На станции одну повозку загрузили тяжелыми длинными деревянными ящиками, другую – продуктами. Пара сытых коней легко тронулась с места, но на небольших пригорках вкладывала всю силу. Воз с ящиками был тяжелым. Ездового с продуктами Гамальдинов отпустил, он поехал впереди и быстро скрылся из виду. Ездовой с Гамальдиновым ехали, а я шел пешком позади, в 10-15 метрах от брички. Лошади ступали тяжело, двигались со скоростью не более 4 километров в час. К болоту с деревянным настилом подъехали ночью, в 23 часа. Ездовой объявил, что лошадям надо отдохнуть.
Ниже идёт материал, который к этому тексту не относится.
Lemma vcov_pathw a b : vcov root E r x Op Oq Opq a b =
  \sum_k (pathw r a k * Op k k * pathw r b k + pathw x a k * Opq k k * pathw r b k +
          pathw r a k * Opq k k * pathw x b k + pathw x a k * Oq k k * pathw x b k).
Proof.
rewrite /vcov; case: unliftP => [i ->|->]; last first.
  by rewrite big1 // => k _; rewrite !pathw_root; ring.
case: unliftP => [j ->|->]; last by rewrite big1 // => k _; rewrite !pathw_root; ring.
rewrite /vcov_nr /jointcov !invmx_Hmat // mul_row_block tr_row_mx mul_row_col !mulmxDl.
have addE (A B : 'M[R]_n) : (A + B) i j = A i j + B i j by rewrite mxE.
have Op_diag k l : k != l -> Op k l = 0 by case/Odiag.
have Oq_diag k l : k != l -> Oq k l = 0 by case/Odiag.
have OpqT_diag k l : k != l -> Opq^T k l = 0 by case/Odiag.
have Opq_diag k l : k != l -> Opq k l = 0 by rewrite eq_sym => /OpqT_diag; rewrite mxE.
rewrite !addE !mulmx_diag_tr //.
rewrite -!big_split /=; apply: eq_bigr => k _; rewrite !mxE /pathw; ring.
Qed.

Lemma phi_pathw a b : phi root E r x Op Oq Opq a b =
  \sum_k qform (Op k k) (Oq k k) (Opq k k)
               (pathw r a k - pathw r b k) (pathw x a k - pathw x b k).
Proof.
rewrite /phi !vcov_pathw mulr_sumr -sumrN -!big_split /=.
by apply: eq_bigr => k _; rewrite /qform; ring.
Qed.

Definition sepw (w : {set V} -> R) a b (k : 'I_n) : R :=
  \sum_(e in sep_edges E a b) w e * desc_ind e (lift root k).

Lemma sepw_edge w e u v k : e \in E -> e = [set u; v] ->
  sepw w u v k = w e * desc_ind e (lift root k).
Proof. by move=> eE euv; rewrite /sepw (sep_edges_edge HE eE euv) big_set1. Qed.

Lemma sepw_ge_sum w a b k (A : {set {set V}}) : (forall e, e \in E -> 0 <= w e) ->
  A \subset sep_edges E a b -> \sum_(e in A) w e * desc_ind e (lift root k) <= sepw w a b k.
Proof.
move=> w0 AS; apply: sumr_le_subset => // e; rewrite inE => /andP[eE _].
by rewrite mulr_ge0 ?w0 ?ler0n.
Qed.

Lemma pathw_sub_sepw a b k :
  (forall w, pathw w a k - pathw w b k = sepw w a b k) \/
  (forall w, pathw w a k - pathw w b k = - sepw w a b k).
Proof.
set kk := lift root k.
have pathwB w : pathw w a k - pathw w b k =
    \sum_(e in E) w e * desc_ind e kk * (desc_ind e a - desc_ind e b).
  by rewrite /pathw -sumrB; apply: eq_bigr => e _; ring.
have sepwE w : sepw w a b k = \sum_(e in E)
    w e * desc_ind e kk * (desc E root e a != desc E root e b)%:R.
  rewrite /sepw (eq_bigl _ _ (sep_edgesE root HE a b)) big_mkcondr /=.
  by apply: eq_bigr => e _; case: (_ != _); rewrite ?mulr1 ?mulr0.
(* The separating edges with k below them lie on the root path of k, so they
   are nested and either all of them or none has a below it. *)
case: (boolP [exists e in E,
               [&& desc E root e kk, desc E root e a & ~~ desc E root e b]]).
  case/exists_inP => e1 e1E /and3P[d1k d1a nd1b]; left => w.
  rewrite pathwB sepwE; apply: eq_bigr => e eE; rewrite /desc_ind.
  case dk: (desc E root e kk); rewrite ?mulr0 ?mul0r //.
  case da: (desc E root e a); case db: (desc E root e b); rewrite ?subrr //= ?subr0 //.
  case: (desc_nested HE e1E eE d1k dk) => [/(_ a d1a)|/(_ b db)];
    by rewrite ?da ?(negbTE nd1b).
rewrite negb_exists_in => /forall_inP none; right => w.
rewrite pathwB sepwE -sumrN; apply: eq_bigr => e eE; rewrite /desc_ind.
case dk: (desc E root e kk); rewrite ?mulr0 ?mul0r ?oppr0 //.
case da: (desc E root e a); case db: (desc E root e b); rewrite ?subrr ?mulr0 ?oppr0 //=.
  by have := none e eE; rewrite dk da db.
by rewrite sub0r mulrN.
Qed.

Lemma phi_sepw a b : phi root E r x Op Oq Opq a b =
  \sum_k qform (Op k k) (Oq k k) (Opq k k) (sepw r a b k) (sepw x a b k).
Proof.
rewrite phi_pathw; apply: eq_bigr => k _.
by case: (pathw_sub_sepw a b k) => sub; rewrite !sub ?qformNN.
Qed.

Hypotheses (Op_ge0 : forall k, 0 <= Op k k) (Oq_ge0 : forall k, 0 <= Oq k k).
Hypothesis Opq_ge0 : forall k, 0 <= Opq k k.

Lemma k1_le_qform e k : e \in E ->
  k1 E r x Op Oq Opq <= qform (Op k k) (Oq k k) (Opq k k) (r e) (x e).
Proof.
move=> eE; rewrite /k1.
set mr := Defs.minset _ r; set mx := Defs.minset _ x; set m := Num.min _ _.
have mr0 : 0 < mr by apply: minset_gt0 eE rpos.
have mx0 : 0 < mx by apply: minset_gt0 eE xpos.
have mre : mr <= r e by apply: minset_le.
have mxe : mx <= x e by apply: minset_le.
have m0 : 0 <= m by rewrite le_min !sqr_ge0.
have mr2 : m <= r e ^+ 2 by rewrite ge_min; apply/orP; left; nra.
have mx2 : m <= x e ^+ 2 by rewrite ge_min; apply/orP; right; nra.
have mrx : m <= r e * x e.
  by rewrite ge_min; apply/orP; case: (leP mr mx) => ?; [left|right]; nra.
apply: le_trans (qform_ge (Op_ge0 k) (Oq_ge0 k) (Opq_ge0 k) m0 mr2 mx2 mrx).
by rewrite ler_wpM2l //; apply: minset_le; rewrite inE.
Qed.

Lemma phi_nonedge_gap a b e0 u v : a != b -> [set a; b] \notin E ->
  e0 \in sep_edges E a b -> e0 = [set u; v] ->
  phi root E r x Op Oq Opq u v + k1 E r x Op Oq Opq <= phi root E r x Op Oq Opq a b.
Proof.
move=> ab abE e0S e0uv; have [e1 e1S e10] := sep_edges_other HE ab abE e0S.
have e0E : e0 \in E by move: e0S; rewrite inE => /andP[].
have e1E : e1 \in E by move: e1S; rewrite inE => /andP[].
have r0 e : e \in E -> 0 <= r e by move/rpos/ltW.
have x0 e : e \in E -> 0 <= x e by move/xpos/ltW.
have [k Dk] := sep_edges_desc root HE e1S.
have sepw_ge w j : (forall e, e \in E -> 0 <= w e) ->
    w e0 * desc_ind e0 (lift root j) <= sepw w a b j.
  move=> w0; apply: le_trans (sepw_ge_sum j w0 (_ : [set e0] \subset _)).
    by rewrite big_set1.
  by rewrite sub1set.
have sepw_ge2 w : (forall e, e \in E -> 0 <= w e) ->
    w e0 * desc_ind e0 (lift root k) + w e1 <= sepw w a b k.
  move=> w0; apply: le_trans (sepw_ge_sum k w0 (_ : [set e0; e1] \subset _)).
    by rewrite big_setU1 ?big_set1 /= ?inE 1?eq_sym // /desc_ind Dk mulr1.
  by rewrite subUset !sub1set e0S e1S.
rewrite !phi_sepw (bigD1 k) //= [X in _ <= X](bigD1 k) //= addrAC.
apply: lerD; last first.
  apply: ler_sum => j _; rewrite !(sepw_edge _ _ e0E e0uv).
  by apply: qform_le; rewrite ?mulr_ge0 ?r0 ?x0 ?ler0n ?sepw_ge.
apply: le_trans (lerD (lexx _) (k1_le_qform k e1E)) _.
rewrite !(sepw_edge _ _ e0E e0uv).
have P0 := Op_ge0 k; have Q0 := Oq_ge0 k; have S0 := Opq_ge0 k.
apply: le_trans (qform_superadd P0 Q0 S0 _ _ _ _)
  (qform_le P0 Q0 S0 _ (sepw_ge2 _ r0) _ (sepw_ge2 _ x0));
  by rewrite /desc_ind ?addr_ge0 ?mulr_ge0 ?r0 ?x0 ?ler0n.
Qed.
Я попросил у Гамальдинова разрешения пойти вперед и дожидаться их где-то в 1,5-2 километрах, то есть на середине дороги из деревянного настила.
Гамальдинов сначала колебался, но после моих обоснованных доводов согласился. Я почти бесшумно прошел около 2 километров и сел на пень на обочине. Через несколько минут по настилу затарахтела бричка с грохотом, доносившимся на несколько километров. От усталости мои глаза, не подчиняясь сознанию, закрылись сами. До слуха донесся сдавленный разговор, похожий на команду. Я напряг свой слух. Были слышны осторожные шаги, шорох ветвей и редкий треск хвороста. Кто-то шел по дороге. Я спрятался за стволом толстой ели. Автомат снял с предохранителя, держа гранату в правой руке. Три человека, не доходя 10-12 метров до меня, замаскировались почти на самой обочине. «Немцы», – пронеслось у меня в сознании.
Бричка продолжала тарахтеть по настилу дороги, она была уже недалеко, как послышалась тихая немецкая речь. Вдали показались силуэты лошадей, вот они приблизились на 50-60 метров. Надо действовать. Я бросил две гранаты в предполагаемое место, где залегли немцы, и спрятался за ствол ели. Два человека вскочили, побежали в лес, на ходу стреляя по дереву, за которым стоял я. По убегающим я стрелял длинными очередями, но не попал, немцы скрылись. Обойдя более полукилометра, я подошел с другой стороны к месту, где маскировались немцы. Один немец лежал мертвый. На всякий случай я потрогал грудную клетку, работы сердца слышно не было. Взял его руку, она была холодной, пульс отсутствовал.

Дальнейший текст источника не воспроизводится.